Lemma partial_coord a c b e (y : F3 R n) :
  partial a c (fun z : F3 R n => z b e) y = ((b == a) && (e == c))%:R /\
  derivable (fun z : F3 R n => z b e) y (delta_mx a c).
Proof.
rewrite /partial; have [-> Dd] : 'D_(delta_mx a c) (fun z : F3 R n => z b e) y =
    'D_(delta_mx a c b e) (@id R^o) (y b e) /\
  (derivable (fun z : F3 R n => z b e) y (delta_mx a c) <->
    derivable (@id R^o) (y b e) (delta_mx a c b e)).
  by apply: derive_along_lines => h; rewrite !mxE.
by split; [rewrite derive_id mxE | apply/Dd; exact: derivable_id].
Qed.

End Derivatives.

Local Notation shift := Defs.shift.

Definition col1 (j : 'I_2) : 'I_10 := shift j ord0.

Lemma lev_shift (i : 'I_2) (c : 'I_10) :
  (lev c <= 2)%N -> lev (shift i c) = (lev c).+1.
Proof.
case: i => [[|[|//]]] ?; case: c => [[|[|[|[|[|[|[|[|[|[|//]]]]]]]]]] ?].
all: rewrite {1}/lev /pq /= => H //.
all: by rewrite /lev /pq /Defs.shift /colof /= inordK.
Qed.

Lemma lev_eq0 (c : 'I_10) : (lev c == 0)%N = (c == ord0).
Proof. by case: c => [[|[|[|[|[|[|[|[|[|[|//]]]]]]]]]] ?]. Qed.

Lemma lev_le2 (c : 'I_10) : (lev c <= 2)%N = (c < 6)%N.
Proof. by case: c => [[|[|[|[|[|[|[|[|[|[|//]]]]]]]]]] ?]. Qed.

Lemma lev_col1 (j : 'I_2) : lev (col1 j) = 1%N.
Proof. by rewrite lev_shift. Qed.

Lemma eq_col1 (i j : 'I_2) : (col1 i == col1 j) = (i == j).
Proof.
by case: i => [[|[|//]]] ?; case: j => [[|[|//]]] ?;
  rewrite /col1 /Defs.shift /colof -val_eqE /= !inordK.
Qed.

Lemma lev_shift_col1 (m j : 'I_2) : lev (shift m (col1 j)) = 2%N.
Proof. by rewrite lev_shift lev_col1. Qed.

Lemma shift_col1_lt6 (m j : 'I_2) : (shift m (col1 j) < 6)%N.
Proof. by rewrite -lev_le2 lev_shift_col1. Qed.

Section Operators.
Variables (R : realType) (n : nat).
Implicit Types (V w : F3 R n -> F3 R n) (x : F3 R n).

Lemma contr_Svec i V w x : contr (Svec i V) w x = contr V (Sform i w) x.
Proof.
rewrite /contr; apply: eq_bigr => a _.
transitivity (\sum_(c' < 10) \sum_(c < 10) (if (lev c <= 2)%N && (shift i c == c')
    then (lev c).+1%:R * V x a c * w x a c' else 0)).
  apply: eq_bigr => c' _; rewrite /Svec mxE big_distrl /= big_mkcond /=.
  by apply: eq_bigr => c _; case: ifP; rewrite ?mul0r.
rewrite exchange_big /=; apply: eq_bigr => c _; rewrite /Sform mxE.
case: ifP => c_le2 /=; last by rewrite big1 ?mulr0.
rewrite -big_mkcond /= (big_pred1 (shift i c)) => [|c'] /=; last by rewrite eq_sym.
by rewrite mulrA [V x a c * _]mulrC.
Qed.

Lemma contr_scale_at V w1 w2 x (k : R) :
  w1 x = k *: w2 x -> contr V w1 x = k * contr V w2 x.
Proof.
move=> w12; rewrite /contr mulr_sumr; apply: eq_bigr => a _.
rewrite mulr_sumr; apply: eq_bigr => c _; rewrite w12 mxE; ring.
Qed.

Lemma Sform_scale_at j w1 w2 x (k : R) :
  w1 x = k *: w2 x -> Sform j w1 x = k *: Sform j w2 x.
Proof.
move=> w12; apply/matrixP => a c; rewrite !mxE w12 mxE.
by case: ifP => _; rewrite ?mulr0 // mulrCA.
Qed.

Lemma contr_eq0_at V w x : w x = 0 -> contr V w x = 0.
Proof.
move=> w0; rewrite /contr big1 // => a _; rewrite big1 // => c _.
by rewrite w0 mxE mulr0.
Qed.

Lemma Sform_eq0_at j w x : w x = 0 -> Sform j w x = 0.
Proof.
by move=> w0; apply/matrixP => a c; rewrite !mxE w0 mxE; case: ifP; rewrite ?mulr0.
Qed.

Lemma Tf_ord0 l x a : Tf l x a ord0 = x a (col1 l).
Proof. by rewrite /Tf mxE. Qed.

Lemma contr_Tf_ord0 l w x (g : 'I_n -> R) :
  (forall a c, w x a c = (c == ord0)%:R * g a) ->
  contr (Tf l) w x = \sum_(a < n) x a (col1 l) * g a.
Proof.
move=> w0; rewrite /contr; apply: eq_bigr => a _.
rewrite (bigD1 ord0) //= big1 => [|e e0]; last by rewrite w0 (negPf e0) mul0r mulr0.
by rewrite w0 eqxx Tf_ord0 mul1r addr0.
Qed.

End Operators.

Section HilbertForms.
Variables (R : realType) (n : nat) (L : F2 R n -> R).
Local Notation F := (L \o @proj32 R n).
Local Notation dL := (dfun F).
Local Notation SSdL m j := (Sform j (Sform m dL)).
Local Notation G m j := (fun b => partial b (shift m (col1 j)) F).

Lemma SSdL_entry m j z a c : SSdL m j z a c = (c == ord0)%:R * (2 * G m j a z).
Proof.
rewrite /Sform /dfun /= !mxE.
have [->|c0] := eqVneq c ord0.
  by rewrite /= lev_col1 /= ?mxE -/(col1 j) (_ : lev ord0 = 0%N) // mul1r.
rewrite mul0r; case: (leqP (lev c) 2) => // c_le2.
have c_ge1 : (0 < lev c)%N by rewrite lt0n lev_eq0.
rewrite lev_shift //; case: (leqP (lev c) 1) => c_le1; last first.
  by rewrite (_ : lev c = 2%N) /= ?mulr0 //; apply/eqP; rewrite eqn_leq c_le2 c_le1.
have c1 : lev c = 1%N by apply/eqP; rewrite eqn_leq c_le1 c_ge1.
have lev_jc : lev (shift j c) = 2%N by rewrite lev_shift c1.
rewrite c1 /= ?mxE partial_comp_proj32_ge6 ?mulr0 //.
by rewrite leqNgt -lev_le2 lev_shift lev_jc.
Qed.

Lemma SSSdL_eq0 m i j z : Sform j (SSdL m i) z = 0.
Proof.
apply/matrixP => a c; rewrite mxE [RHS]mxE; case: ifP => // c_le2.
by rewrite SSdL_entry -lev_eq0 lev_shift // mul0r mulr0.
Qed.

Lemma contr_Tf_SSdL m j :
  contr (Tf j) (SSdL m j) =
  \sum_(b < n) ((fun z : F3 R n => z b (col1 j)) * (2 \*o G m j b)).
Proof.
apply/funext => z; rewrite fct_sumE /=.
by apply: contr_Tf_ord0 => a c; exact: SSdL_entry.
Qed.

Variable y : F3 R n.
Hypothesis dL_diff : forall b (c : 'I_6), differentiable (partial b c L) (proj32 y).

Lemma derivable_G m j b v : derivable (G m j b) y v.
Proof.
rewrite /= (partial_comp_proj32_lt6 L b (shift_col1_lt6 m j)).
by apply/(derive_comp_proj32 _ _ _).2; exact: diff_derivable.
Qed.

Lemma partial_contr_Tf_SSdL m j a c :
  partial a c (contr (Tf j) (SSdL m j)) y =
  \sum_(b < n) y b (col1 j) * (2 * partial a c (G m j b) y) +
  (col1 j == c)%:R * (2 * G m j a y).
Proof.
have dGj (b : 'I_n) : derivable (G m j b) y (delta_mx a c) by exact: derivable_G.
have d2Gj (b : 'I_n) : derivable (2 \*o G m j b) y (delta_mx a c).
  by apply: derivableM; [exact: derivable_cst | exact: dGj].
have D_term (b : 'I_n) : 'D_(delta_mx a c)
    ((fun z : F3 R n => z b (col1 j)) * (2 \*o G m j b)) y =
  y b (col1 j) * (2 * partial a c (G m j b) y) +
  2 * G m j b y * ((b == a) && (col1 j == c))%:R.
  rewrite deriveM; [|exact: (partial_coord a c b (col1 j) y).2|exact: d2Gj].
  rewrite deriveMl //; have := (partial_coord a c b (col1 j) y).1.
  by rewrite /partial => ->.
rewrite contr_Tf_SSdL /partial derive_sum => [|b]; last first.
  by apply: derivableM; [exact: (partial_coord a c b (col1 j) y).2 | exact: d2Gj].
rewrite (eq_bigr _ (fun b _ => D_term b)) big_split /= sum_mul_indicator.
by rewrite mulrC.
Qed.

Lemma partial_SSdL_entry m j a c b e :
  partial a c (fun z => SSdL m j z b e) y =
  (e == ord0)%:R * (2 * partial a c (G m j b) y).
Proof.
have -> : (fun z => SSdL m j z b e) = ((e == ord0)%:R * 2) \*o G m j b.
  by apply/funext => z; rewrite SSdL_entry /= mulrA.
by rewrite /partial deriveMl ?mulrA //; exact: derivable_G.
Qed.

Lemma contrd_Tf_SSdL_entry m j a c : c != ord0 ->
  contrd (Tf j) (SSdL m j) y a c =
  - \sum_(b < n) y b (col1 j) * (2 * partial a c (G m j b) y).
Proof.
move=> c0; rewrite /contrd mxE -sumrN; apply: eq_bigr => b _.
rewrite (bigD1 ord0) //= big1 => [|e e0].
  rewrite (partial_SSdL_entry m j b ord0 a c) (partial_SSdL_entry m j a c b ord0).
  rewrite (negPf c0) eqxx Tf_ord0.
  (* abstracting the derivatives keeps the rewrites below from unfolding them *)
  move: (y b (col1 j)) (partial b ord0 _ y) (partial a c _ y) => u P Q.
  by rewrite mul0r mul1r sub0r addr0 mulrN.
rewrite (partial_SSdL_entry m j b e a c) (partial_SSdL_entry m j a c b e).
rewrite (negPf c0) (negPf e0).
move: (Tf j y b e) (partial b e _ y) (partial a c _ y) => u P Q.
by rewrite !mul0r subrr mulr0.
Qed.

■ What you are asked to do ■
Please print the material above exactly as it appears, from its first line through the line containing "rewrite /partial; have", inclusive, and stop there.

■ Answer for this exercise ■
Lemma partial_coord a c b e (y : F3 R n) :
  partial a c (fun z : F3 R n => z b e) y = ((b == a) && (e == c))%:R /\
  derivable (fun z : F3 R n => z b e) y (delta_mx a c).
Proof.
rewrite /partial; have [-> Dd] : 'D_(delta_mx a c) (fun z : F3 R n => z b e) y =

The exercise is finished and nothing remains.